To do -
Check every line of the records below for the string "Hjoin" and copy the ones that have it.

Extracted entries -
========

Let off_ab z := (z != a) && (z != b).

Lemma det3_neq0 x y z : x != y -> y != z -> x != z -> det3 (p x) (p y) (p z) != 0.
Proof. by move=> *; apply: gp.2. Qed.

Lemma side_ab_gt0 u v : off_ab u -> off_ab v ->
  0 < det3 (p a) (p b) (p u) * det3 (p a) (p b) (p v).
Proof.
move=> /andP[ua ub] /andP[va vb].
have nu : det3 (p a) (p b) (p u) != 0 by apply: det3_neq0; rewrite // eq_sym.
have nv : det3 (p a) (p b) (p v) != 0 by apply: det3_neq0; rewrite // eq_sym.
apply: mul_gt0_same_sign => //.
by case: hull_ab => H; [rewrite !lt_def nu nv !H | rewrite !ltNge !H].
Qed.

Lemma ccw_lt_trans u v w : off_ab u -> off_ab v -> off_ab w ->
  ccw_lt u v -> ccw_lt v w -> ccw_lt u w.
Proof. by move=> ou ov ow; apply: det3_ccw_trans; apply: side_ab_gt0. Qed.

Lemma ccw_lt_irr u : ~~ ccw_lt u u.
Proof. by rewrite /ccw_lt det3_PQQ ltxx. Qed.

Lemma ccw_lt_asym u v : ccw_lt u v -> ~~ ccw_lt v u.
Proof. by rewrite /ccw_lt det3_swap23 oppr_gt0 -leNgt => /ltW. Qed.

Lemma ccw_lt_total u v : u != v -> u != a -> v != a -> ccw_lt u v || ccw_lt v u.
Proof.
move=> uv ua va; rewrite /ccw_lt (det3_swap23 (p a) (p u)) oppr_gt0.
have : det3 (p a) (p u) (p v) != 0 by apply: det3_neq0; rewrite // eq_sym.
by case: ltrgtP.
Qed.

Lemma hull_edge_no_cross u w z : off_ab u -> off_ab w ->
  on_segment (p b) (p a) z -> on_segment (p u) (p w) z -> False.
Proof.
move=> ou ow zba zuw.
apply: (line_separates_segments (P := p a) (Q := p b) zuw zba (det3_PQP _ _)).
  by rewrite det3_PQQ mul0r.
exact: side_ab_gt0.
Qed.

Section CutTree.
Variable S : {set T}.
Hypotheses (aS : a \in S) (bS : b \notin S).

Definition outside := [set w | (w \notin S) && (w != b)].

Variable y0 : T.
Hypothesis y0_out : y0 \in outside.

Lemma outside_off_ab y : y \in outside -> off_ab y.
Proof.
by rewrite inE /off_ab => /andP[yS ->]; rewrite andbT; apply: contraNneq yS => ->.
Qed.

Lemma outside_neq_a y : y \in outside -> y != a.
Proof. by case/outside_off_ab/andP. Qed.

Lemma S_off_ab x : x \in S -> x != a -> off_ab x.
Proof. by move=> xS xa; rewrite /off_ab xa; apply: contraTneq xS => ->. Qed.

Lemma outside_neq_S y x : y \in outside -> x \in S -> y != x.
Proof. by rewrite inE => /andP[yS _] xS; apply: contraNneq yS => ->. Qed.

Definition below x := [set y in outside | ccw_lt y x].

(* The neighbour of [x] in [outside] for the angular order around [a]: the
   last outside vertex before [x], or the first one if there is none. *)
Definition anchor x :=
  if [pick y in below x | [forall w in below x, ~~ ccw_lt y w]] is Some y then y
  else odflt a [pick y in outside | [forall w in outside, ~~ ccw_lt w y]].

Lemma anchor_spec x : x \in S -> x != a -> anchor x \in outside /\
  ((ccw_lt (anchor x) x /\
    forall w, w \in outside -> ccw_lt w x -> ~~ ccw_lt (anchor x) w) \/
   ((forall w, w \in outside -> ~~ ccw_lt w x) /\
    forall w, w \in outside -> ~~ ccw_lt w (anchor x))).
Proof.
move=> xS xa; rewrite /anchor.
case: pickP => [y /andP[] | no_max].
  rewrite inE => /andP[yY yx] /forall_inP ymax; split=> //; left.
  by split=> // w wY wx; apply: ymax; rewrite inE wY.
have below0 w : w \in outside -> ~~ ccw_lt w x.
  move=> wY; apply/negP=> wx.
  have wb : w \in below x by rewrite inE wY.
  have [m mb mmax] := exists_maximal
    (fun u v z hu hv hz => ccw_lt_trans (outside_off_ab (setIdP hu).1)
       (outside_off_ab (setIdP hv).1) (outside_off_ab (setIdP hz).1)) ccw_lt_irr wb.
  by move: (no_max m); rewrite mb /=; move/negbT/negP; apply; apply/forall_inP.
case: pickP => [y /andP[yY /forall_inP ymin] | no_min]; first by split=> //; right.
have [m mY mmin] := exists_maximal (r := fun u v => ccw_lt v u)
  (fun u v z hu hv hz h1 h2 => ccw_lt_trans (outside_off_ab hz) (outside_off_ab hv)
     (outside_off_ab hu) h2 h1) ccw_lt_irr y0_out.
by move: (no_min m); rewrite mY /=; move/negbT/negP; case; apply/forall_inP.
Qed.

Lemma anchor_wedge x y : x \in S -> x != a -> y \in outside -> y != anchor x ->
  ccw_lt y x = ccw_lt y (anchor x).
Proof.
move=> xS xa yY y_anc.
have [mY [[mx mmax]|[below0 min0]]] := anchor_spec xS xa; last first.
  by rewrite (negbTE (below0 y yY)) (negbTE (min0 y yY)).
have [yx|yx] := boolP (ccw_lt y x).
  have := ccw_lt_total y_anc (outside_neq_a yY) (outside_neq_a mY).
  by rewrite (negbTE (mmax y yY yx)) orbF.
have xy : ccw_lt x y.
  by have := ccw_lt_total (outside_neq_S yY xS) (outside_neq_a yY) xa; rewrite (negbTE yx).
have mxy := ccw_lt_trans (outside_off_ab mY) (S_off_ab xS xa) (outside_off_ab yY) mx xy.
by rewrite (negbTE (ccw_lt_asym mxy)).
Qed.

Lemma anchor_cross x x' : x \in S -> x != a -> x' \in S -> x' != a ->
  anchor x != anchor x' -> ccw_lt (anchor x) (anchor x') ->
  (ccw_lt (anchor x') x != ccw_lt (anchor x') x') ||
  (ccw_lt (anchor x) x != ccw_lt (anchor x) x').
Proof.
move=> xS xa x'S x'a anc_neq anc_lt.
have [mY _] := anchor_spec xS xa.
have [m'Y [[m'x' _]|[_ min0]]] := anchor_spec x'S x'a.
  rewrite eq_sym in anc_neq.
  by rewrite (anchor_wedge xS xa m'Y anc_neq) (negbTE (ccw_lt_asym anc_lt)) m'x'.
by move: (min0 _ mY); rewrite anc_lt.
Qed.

========

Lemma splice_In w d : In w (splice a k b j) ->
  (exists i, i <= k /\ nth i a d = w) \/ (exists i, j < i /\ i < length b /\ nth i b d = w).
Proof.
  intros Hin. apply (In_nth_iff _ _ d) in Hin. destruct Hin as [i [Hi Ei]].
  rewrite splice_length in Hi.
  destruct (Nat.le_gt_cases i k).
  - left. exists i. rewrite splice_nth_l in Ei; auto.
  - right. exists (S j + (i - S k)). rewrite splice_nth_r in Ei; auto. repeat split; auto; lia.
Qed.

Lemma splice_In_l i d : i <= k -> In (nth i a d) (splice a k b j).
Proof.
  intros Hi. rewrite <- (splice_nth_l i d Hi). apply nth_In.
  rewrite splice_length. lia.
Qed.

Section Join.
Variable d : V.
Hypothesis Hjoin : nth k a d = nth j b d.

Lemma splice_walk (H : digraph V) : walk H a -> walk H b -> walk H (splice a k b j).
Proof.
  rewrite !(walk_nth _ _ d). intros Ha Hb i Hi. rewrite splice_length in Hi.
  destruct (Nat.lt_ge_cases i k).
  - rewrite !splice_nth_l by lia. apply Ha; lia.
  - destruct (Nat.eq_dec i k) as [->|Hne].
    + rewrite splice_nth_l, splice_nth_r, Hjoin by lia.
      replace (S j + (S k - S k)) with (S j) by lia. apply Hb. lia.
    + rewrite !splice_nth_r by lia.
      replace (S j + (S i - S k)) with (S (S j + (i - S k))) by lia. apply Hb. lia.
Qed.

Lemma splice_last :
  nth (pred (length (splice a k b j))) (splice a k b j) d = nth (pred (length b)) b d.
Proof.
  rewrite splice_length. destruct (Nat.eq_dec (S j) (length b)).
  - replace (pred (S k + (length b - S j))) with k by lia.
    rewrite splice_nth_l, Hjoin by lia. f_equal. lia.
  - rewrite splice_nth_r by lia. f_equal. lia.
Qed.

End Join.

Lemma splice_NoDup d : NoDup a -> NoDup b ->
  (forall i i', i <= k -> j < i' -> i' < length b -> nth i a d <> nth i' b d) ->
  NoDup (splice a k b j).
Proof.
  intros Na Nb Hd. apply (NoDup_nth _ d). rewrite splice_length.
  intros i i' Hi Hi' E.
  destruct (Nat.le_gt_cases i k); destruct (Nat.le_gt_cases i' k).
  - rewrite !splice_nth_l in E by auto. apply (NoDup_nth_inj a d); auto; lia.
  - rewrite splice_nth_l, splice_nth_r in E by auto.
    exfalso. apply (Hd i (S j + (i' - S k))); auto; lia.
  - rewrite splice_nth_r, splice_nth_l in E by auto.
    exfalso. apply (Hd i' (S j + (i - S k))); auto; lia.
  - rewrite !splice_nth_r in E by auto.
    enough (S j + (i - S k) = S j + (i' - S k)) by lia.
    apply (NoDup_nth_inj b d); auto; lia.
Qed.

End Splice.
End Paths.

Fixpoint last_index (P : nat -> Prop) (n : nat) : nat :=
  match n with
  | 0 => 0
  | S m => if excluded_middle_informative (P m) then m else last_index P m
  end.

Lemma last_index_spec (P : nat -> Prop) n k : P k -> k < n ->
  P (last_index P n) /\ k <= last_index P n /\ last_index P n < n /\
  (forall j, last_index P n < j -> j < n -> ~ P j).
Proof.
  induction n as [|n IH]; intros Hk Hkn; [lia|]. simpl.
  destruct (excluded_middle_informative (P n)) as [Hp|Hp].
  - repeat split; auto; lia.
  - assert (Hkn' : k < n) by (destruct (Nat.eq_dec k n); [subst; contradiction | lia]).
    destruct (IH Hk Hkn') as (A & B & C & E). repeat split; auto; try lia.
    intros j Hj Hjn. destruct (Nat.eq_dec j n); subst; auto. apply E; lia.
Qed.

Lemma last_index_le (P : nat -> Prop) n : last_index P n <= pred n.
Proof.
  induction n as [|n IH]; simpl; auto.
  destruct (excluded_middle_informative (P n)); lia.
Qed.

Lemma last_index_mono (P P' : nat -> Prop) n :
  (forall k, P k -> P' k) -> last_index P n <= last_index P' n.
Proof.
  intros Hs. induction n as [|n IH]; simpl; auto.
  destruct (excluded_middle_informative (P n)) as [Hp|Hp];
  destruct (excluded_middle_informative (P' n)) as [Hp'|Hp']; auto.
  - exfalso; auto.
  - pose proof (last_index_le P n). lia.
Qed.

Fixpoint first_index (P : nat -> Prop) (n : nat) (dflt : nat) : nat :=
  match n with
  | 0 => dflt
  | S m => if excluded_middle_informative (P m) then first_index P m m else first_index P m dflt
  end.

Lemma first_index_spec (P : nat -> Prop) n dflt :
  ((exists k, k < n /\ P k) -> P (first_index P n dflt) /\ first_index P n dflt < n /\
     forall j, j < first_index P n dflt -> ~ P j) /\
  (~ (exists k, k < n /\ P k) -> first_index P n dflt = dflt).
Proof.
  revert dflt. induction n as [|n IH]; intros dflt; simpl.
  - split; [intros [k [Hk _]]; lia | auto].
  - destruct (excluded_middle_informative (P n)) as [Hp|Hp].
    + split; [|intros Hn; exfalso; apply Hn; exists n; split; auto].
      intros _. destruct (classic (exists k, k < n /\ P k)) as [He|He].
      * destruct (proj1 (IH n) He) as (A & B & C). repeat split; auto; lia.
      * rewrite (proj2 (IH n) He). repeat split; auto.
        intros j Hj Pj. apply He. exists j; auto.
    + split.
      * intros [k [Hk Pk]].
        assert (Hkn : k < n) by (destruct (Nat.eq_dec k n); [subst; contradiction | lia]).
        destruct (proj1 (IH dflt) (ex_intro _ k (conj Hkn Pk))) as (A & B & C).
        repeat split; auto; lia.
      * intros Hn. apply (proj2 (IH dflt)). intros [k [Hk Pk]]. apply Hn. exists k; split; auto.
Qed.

========

Task response -
Hypothesis Hjoin : nth k a d = nth j b d.
    + rewrite splice_nth_l, splice_nth_r, Hjoin by lia.
    rewrite splice_nth_l, Hjoin by lia. f_equal. lia.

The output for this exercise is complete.